Post by MiM » Mon Oct 31, 2011 6:15 pm

Warren Dew wrote:However, the gist is quite simple and is unclassified. Nuclear weapons have a few kilograms of nuclear fuel. Nuclear powerplants have tonnes of it. A nuclear powerplant like Chernobyl going up in smoke releases as much radiation and fallout as many, many bombs, because it contains as much nuclear material as many, many bombs.
No Warren, It's not that simple at all.

Firstly, of the tonnes of uranium in a reactor only a very small fraction undergoes fission, most of it is taken out again once the ratio of fissionable isotopes (mainly U-235) has become too low. Furthermore, even from Chernobyl only a few percent of the less volatile elements where released (and tens of percent of the volatiles (I,Cs,Te). In a bomb most of the fission fuel undergoes fission and everything gets released.

Secondly, the fallout from a bomb is extremely active in the first weeks, but decays comparably fast, because of a high abundance of short lived isotopes. In a reactor the isotopes with the lowest half lives (microseconds to weeks) decays away already while the raector is working, and are therefore not present in high amounts at any specific time. Thus the activity of a reactor fallout will be comparably lower in the beginning but decay away slower. There is a good graph of this in Glasstone Dolan "The Effects of Nuclear Weapons", unfortunately I do not have that at home, but I can get you the numbers by the end of the week, if you are interested.

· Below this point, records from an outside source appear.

Lemma Phi_control_variate (al : R) : Ex P Z != 0 ->
  Phi P (fun w => X w + al * (Ex P Y - Y w)) Z - Phi P X Z =
  (al ^+ 2 * Var P Y - 2 * al * (Cov P X Y - Ex P X / Ex P Z * Cov P Y Z))
  / Ex P Z ^+ 2.
Proof.
move=> EZ_neq0.
set N := fun w => _.
have NE : N = X + cst (al * Ex P Y) + (- al) \o* Y.
  by apply/funext => w; rewrite /N !addrfctE /=; ring.
have cst2 : cst (al * Ex P Y) \in L2 := Lfun_cst _ _ _.
have N2 : N \in L2 by rewrite NE Lfun2D ?Lfun2Z ?Lfun2D.
have CovN V : V \in L2 -> Cov P N V = Cov P X V - al * Cov P Y V.
  move=> V2; rewrite NE CovDl ?CovDl ?Cov_cst_l ?CovZl ?Lfun2D ?Lfun2Z ?Lfun_cst //.
  by rewrite addr0 mulNr.
have ExN : Ex P N = Ex P X.
  rewrite NE ExD ?ExD ?Ex_cst ?ExZ ?Lfun2D ?Lfun2Z ?Lfun_cst //.
  by rewrite mulNr addrK.
have VarN : Var P N = Var P X + al ^+ 2 * Var P Y - 2 * al * Cov P X Y.
  rewrite [LHS](CovN _ N2) CovC CovN // [Cov P Y N]CovC CovN // [Cov P Y X]CovC.
  by rewrite /Var -/(Cov P X X) -/(Cov P Y Y); ring.
rewrite /Phi ExN VarN CovN //; field; exact: EZ_neq0.
Qed.

End control_variate.

Lemma sample_meanE (T : Type) (R : realType) (n : nat) (X : 'I_n -> T -> R) :
  sample_mean X = n%:R^-1 \o* \sum_(i < n) X i.
Proof. by rewrite fct_sumE; apply/funext => w; rewrite /sample_mean /= mulrC. Qed.

Definition iid_family d d' (T : measurableType d) (U : measurableType d')
    (R : realType) (P : probability T R) (n : nat) (W0 : T -> U)
    (W : 'I_n -> T -> U) : Prop :=
  [/\ measurable_fun setT W0, forall i, measurable_fun setT (W i),
      forall S : 'I_n -> set U, (forall i, measurable (S i)) ->
        P (\bigcap_i (W i @^-1` S i)) = (\prod_(i < n) P (W i @^-1` S i))%E &
      forall i S, measurable S -> P (W i @^-1` S) = P (W0 @^-1` S)].

Section iid_family_moments.
Context d d' (T : measurableType d) (U : measurableType d') (R : realType).
Variables (P : probability T R) (n : nat) (W0 : T -> U) (W : 'I_n -> T -> U).
Hypothesis iidW : iid_family P W0 W.
Local Notation L2 := (Lfun P 2%:E).
Local Notation mean s := (sample_mean (fun i => s \o W i)).
Implicit Types s : U -> R.

Let mW0 : measurable_fun setT W0. Proof. by case: iidW. Qed.
Let mW i : measurable_fun setT (W i). Proof. by case: iidW. Qed.
Let W_law i S : measurable S -> P (W i @^-1` S) = P (W0 @^-1` S).
Proof. by case: iidW => _ _ _; exact. Qed.

Lemma iid_family_indep2 i j S1 S2 : i != j -> measurable S1 -> measurable S2 ->
  P (W i @^-1` S1 `&` W j @^-1` S2) = (P (W i @^-1` S1) * P (W j @^-1` S2))%E.
Proof.
move=> ij mS1 mS2; case: iidW => _ _ W_indep _.
pose S k := if k == i then S1 else if k == j then S2 else setT.
have mS k : measurable (S k) by rewrite /S; case: eqP => // _; case: eqP.
have := W_indep S mS; rewrite (bigD1 i) //= (bigD1 j) 1?eq_sym //=.
rewrite big1 => [|k /andP[/negbTE ki /negbTE kj]]; last first.
  by rewrite /S ki kj preimage_setT probability_setT.
rewrite /S eqxx eq_sym (negbTE ij) eqxx mule1 => <-; congr (P _).
apply/seteqP; split => [x [Si Sj] k _|x Sk].
  by case: eqP => [->//|_]; case: eqP => [->|].
by split; [have := Sk i I|have := Sk j I]; rewrite eqxx // eq_sym (negbTE ij).
Qed.

Lemma Lfun2_iid_comp s i : measurable_fun setT s ->
  s \o W0 \in L2 -> s \o W i \in L2.
Proof. exact: Lfun2_eq_law (mW i) mW0 (W_law i) s. Qed.

Lemma Ex_iid_comp s i : measurable_fun setT s -> s \o W0 \in L2 ->
  Ex P (s \o W i) = Ex P (s \o W0).
Proof.
move=> ms s2.
by rewrite /Ex (expectation_eq_law (mW i) mW0 (W_law i)) // Lfun2_Lfun1.
Qed.

Lemma Cov_iid_comp s s' i j : measurable_fun setT s -> measurable_fun setT s' ->
  s \o W0 \in L2 -> s' \o W0 \in L2 ->
  Cov P (s \o W i) (s' \o W j) = if i == j then Cov P (s \o W0) (s' \o W0) else 0.
Proof.
move=> ms ms' s2 s'2; have si2 := Lfun2_iid_comp i ms s2.
have s'j2 := Lfun2_iid_comp j ms' s'2.
rewrite /Cov !covariance2E //.
case: eqVneq => [<-|ij].
  have mss' : measurable_fun setT (fun u => s u * s' u) by exact: measurable_funM.
  rewrite (expectation_eq_law (mW i) mW0 (W_law i) mss') ?Lfun2_mul_Lfun1 //.
  have EW := expectation_eq_law (mW i) mW0 (W_law i).
  by rewrite (EW _ ms) ?(EW _ ms') ?Lfun2_Lfun1.
rewrite expectation_indepM ?subee ?fin_numM ?fin_num_expectation2 // => S1 S2 mS1 mS2.
have msS1 : measurable (s @^-1` S1) by rewrite -[X in measurable X]setTI; exact: ms.
have ms'S2 : measurable (s' @^-1` S2) by rewrite -[X in measurable X]setTI; exact: ms'.
exact: iid_family_indep2 ij msS1 ms'S2.
Qed.

Lemma Lfun2_sample_mean s : measurable_fun setT s -> s \o W0 \in L2 ->
  mean s \in L2.
Proof.
move=> ms s2; rewrite sample_meanE Lfun2Z // Lfun2_sum // => i.
exact: Lfun2_iid_comp.
Qed.

Lemma Ex_sample_mean s : (0 < n)%N -> measurable_fun setT s -> s \o W0 \in L2 ->
  Ex P (mean s) = Ex P (s \o W0).
Proof.
move=> n_gt0 ms s2; have si2 i := Lfun2_iid_comp i ms s2.
rewrite sample_meanE ExZ ?Lfun2_sum // Ex_sum //.
under eq_bigr do rewrite Ex_iid_comp //.
by rewrite sumr_const card_ord -[Ex P _ *+ n]mulr_natl mulKf // pnatr_eq0 -lt0n.
Qed.

Lemma Cov_sample_mean s s' : measurable_fun setT s -> measurable_fun setT s' ->
  s \o W0 \in L2 -> s' \o W0 \in L2 ->
  Cov P (mean s) (mean s') = n%:R^-1 * Cov P (s \o W0) (s' \o W0).
Proof.
move=> ms ms' s2 s'2; have si2 i := Lfun2_iid_comp i ms s2.
have s'i2 i := Lfun2_iid_comp i ms' s'2.
have Cov_row i :
    Cov P (s \o W i) (\sum_(j < n) (s' \o W j)) = Cov P (s \o W0) (s' \o W0).
  rewrite CovC Cov_suml // (bigD1 i) //= big1 => [|j /negbTE ji].
    by rewrite CovC Cov_iid_comp // eqxx addr0.
  by rewrite CovC Cov_iid_comp // eq_sym ji.
rewrite !sample_meanE CovZl ?Lfun2Z ?Lfun2_sum // CovC CovZl ?Lfun2_sum // CovC.
rewrite Cov_suml ?Lfun2_sum //.
under eq_bigr do rewrite Cov_row.
rewrite sumr_const card_ord -[Cov P _ _ *+ n]mulr_natl.
have [->|n_neq0] := eqVneq (n%:R : R) 0; first by rewrite invr0 !mul0r.
by rewrite mulKf.
Qed.

Lemma Phi_sample_mean_control_variate a b c al : (0 < n)%N ->
  measurable_fun setT a -> measurable_fun setT b -> measurable_fun setT c ->
  a \o W0 \in L2 -> b \o W0 \in L2 -> c \o W0 \in L2 -> Ex P (c \o W0) != 0 ->
  Phi P (fun w => mean a w + al * (Ex P (b \o W0) - mean b w)) (mean c)
    - Phi P (mean a) (mean c) =
  n%:R^-1 * (al ^+ 2 * Var P (b \o W0) - 2 * al * (Cov P (a \o W0) (b \o W0)
    - Ex P (a \o W0) / Ex P (c \o W0) * Cov P (b \o W0) (c \o W0)))
  / Ex P (c \o W0) ^+ 2.
Proof.
move=> n_gt0 ma mb mc a2 b2 c2 Ec_neq0.
have Var_mean : Var P (mean b) = n%:R^-1 * Var P (b \o W0) :=
  Cov_sample_mean mb mb b2 b2.
rewrite -(Ex_sample_mean n_gt0 mb b2) Phi_control_variate ?Lfun2_sample_mean //;
  last by rewrite Ex_sample_mean.
rewrite !Ex_sample_mean // Var_mean !Cov_sample_mean //.
by field; rewrite Ec_neq0 pnatr_eq0 -lt0n n_gt0.
Qed.

End iid_family_moments.

Lemma measurable_triple d (T : measurableType d) (R : realType) (X Y Z : T -> R) :
  measurable_fun setT X -> measurable_fun setT Y -> measurable_fun setT Z ->
  measurable_fun setT (triple X Y Z).
Proof.
by move=> mX mY mZ; exact: measurable_fun_pair (measurable_fun_pair mX mY) mZ.
Qed.

Lemma iid_copies_family d (T : measurableType d) (R : realType)
    (P : probability T R) (A B C : T -> R) (n : nat) (Ai Bi Ci : 'I_n -> T -> R) :
  measurable_fun setT A -> measurable_fun setT B -> measurable_fun setT C ->
  iid_copies P A B C Ai Bi Ci ->
  iid_family P (triple A B C) (fun i => triple (Ai i) (Bi i) (Ci i)).
Proof.
move=> mA mB mC [mABCi ABC_indep ABC_law].
split => //; first exact: measurable_triple.
by move=> i; have [? [? ?]] := mABCi i; exact: measurable_triple.
Qed.

Theorem mainTheorem4 (d : measure_display) (T : measurableType d) (R : realType)
  (P : probability T R) (A B C : T -> R) (n : nat)
  (Ai Bi Ci : 'I_n -> T -> R) :
  A \in Lfun P 2%:E -> B \in Lfun P 2%:E -> C \in Lfun P 2%:E ->
  0 < Var P B -> Ex P A != 0 -> Ex P C != 0 ->
  (1 <= n)%N ->
  iid_copies P A B C Ai Bi Ci ->
  let Rr := Ex P A / Ex P C in
  let Abar := sample_mean Ai in
  let Bbar := sample_mean Bi in
  let Cbar := sample_mean Ci in
  let N := fun alpha : R => (fun w => Abar w + alpha * (Ex P B - Bbar w)) in
  let alpha_o := (Cov P A B - Rr * Cov P B C) / Var P B in
  Phi P (N alpha_o) Cbar - Phi P Abar Cbar =
    - ((n%:R * Ex P C ^+ 2)^-1 * ((Cov P A B - Rr * Cov P B C) ^+ 2 / Var P B))
  /\ Phi P (N alpha_o) Cbar - Phi P Abar Cbar <= 0.
Proof.
move=> A2 B2 C2 VarB_gt0 _ EC_neq0 n_gt0 ABC_iid Rr Abar Bbar Cbar N alpha_o.
have Lfun2_measurable X : X \in Lfun P 2%:E -> measurable_fun setT X.
  by move=> /sub_Lfun_mfun; rewrite inE.
have iidW := iid_copies_family (Lfun2_measurable _ A2) (Lfun2_measurable _ B2)
  (Lfun2_measurable _ C2) ABC_iid.
have ma : measurable_fun setT (fst \o fst : R * R * R -> R).
  exact: measurableT_comp measurable_fst measurable_fst.
have mb : measurable_fun setT (snd \o fst : R * R * R -> R).
  exact: measurableT_comp measurable_snd measurable_fst.
have PhiE : Phi P (N alpha_o) Cbar - Phi P Abar Cbar =
    n%:R^-1 * (alpha_o ^+ 2 * Var P B - 2 * alpha_o * (Cov P A B - Rr * Cov P B C))
    / Ex P C ^+ 2.
  (* The coordinates of [triple (Ai i) (Bi i) (Ci i)] reduce to [Ai i], [Bi i]
     and [Ci i], so the lemma's sample means are Abar, Bbar, Cbar up to
     conversion. *)
  exact (Phi_sample_mean_control_variate iidW alpha_o n_gt0 ma mb measurable_snd
           A2 B2 C2 EC_neq0).
have diffE : Phi P (N alpha_o) Cbar - Phi P Abar Cbar =
    - ((n%:R * Ex P C ^+ 2)^-1 * ((Cov P A B - Rr * Cov P B C) ^+ 2 / Var P B)).
  by rewrite PhiE /alpha_o; field; rewrite EC_neq0 gt_eqF // pnatr_eq0 -lt0n n_gt0.
split=> //; rewrite diffE oppr_le0 mulr_ge0 //.
  by rewrite invr_ge0 mulr_ge0 ?sqr_ge0.
by rewrite divr_ge0 ?sqr_ge0 ?ltW.
Qed.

Thirdly, the fusion stage in thermonuclear weapons produces intense fields of fast neutrons, which activate the surrounding materials. Especially a thermonuclear bomb exploded near the soil surface, will pull in huge amounts of neutron activated soil into it's fireball, where it produces nasty small radioactive particles, that significantly contributes tu the fallout of a bomb.

To sum this up. It is really hard to compare the fallout of bombs to the fallout of reactor accidents, because they have so different characteristics. This fact is often used by people who want to state a case either way.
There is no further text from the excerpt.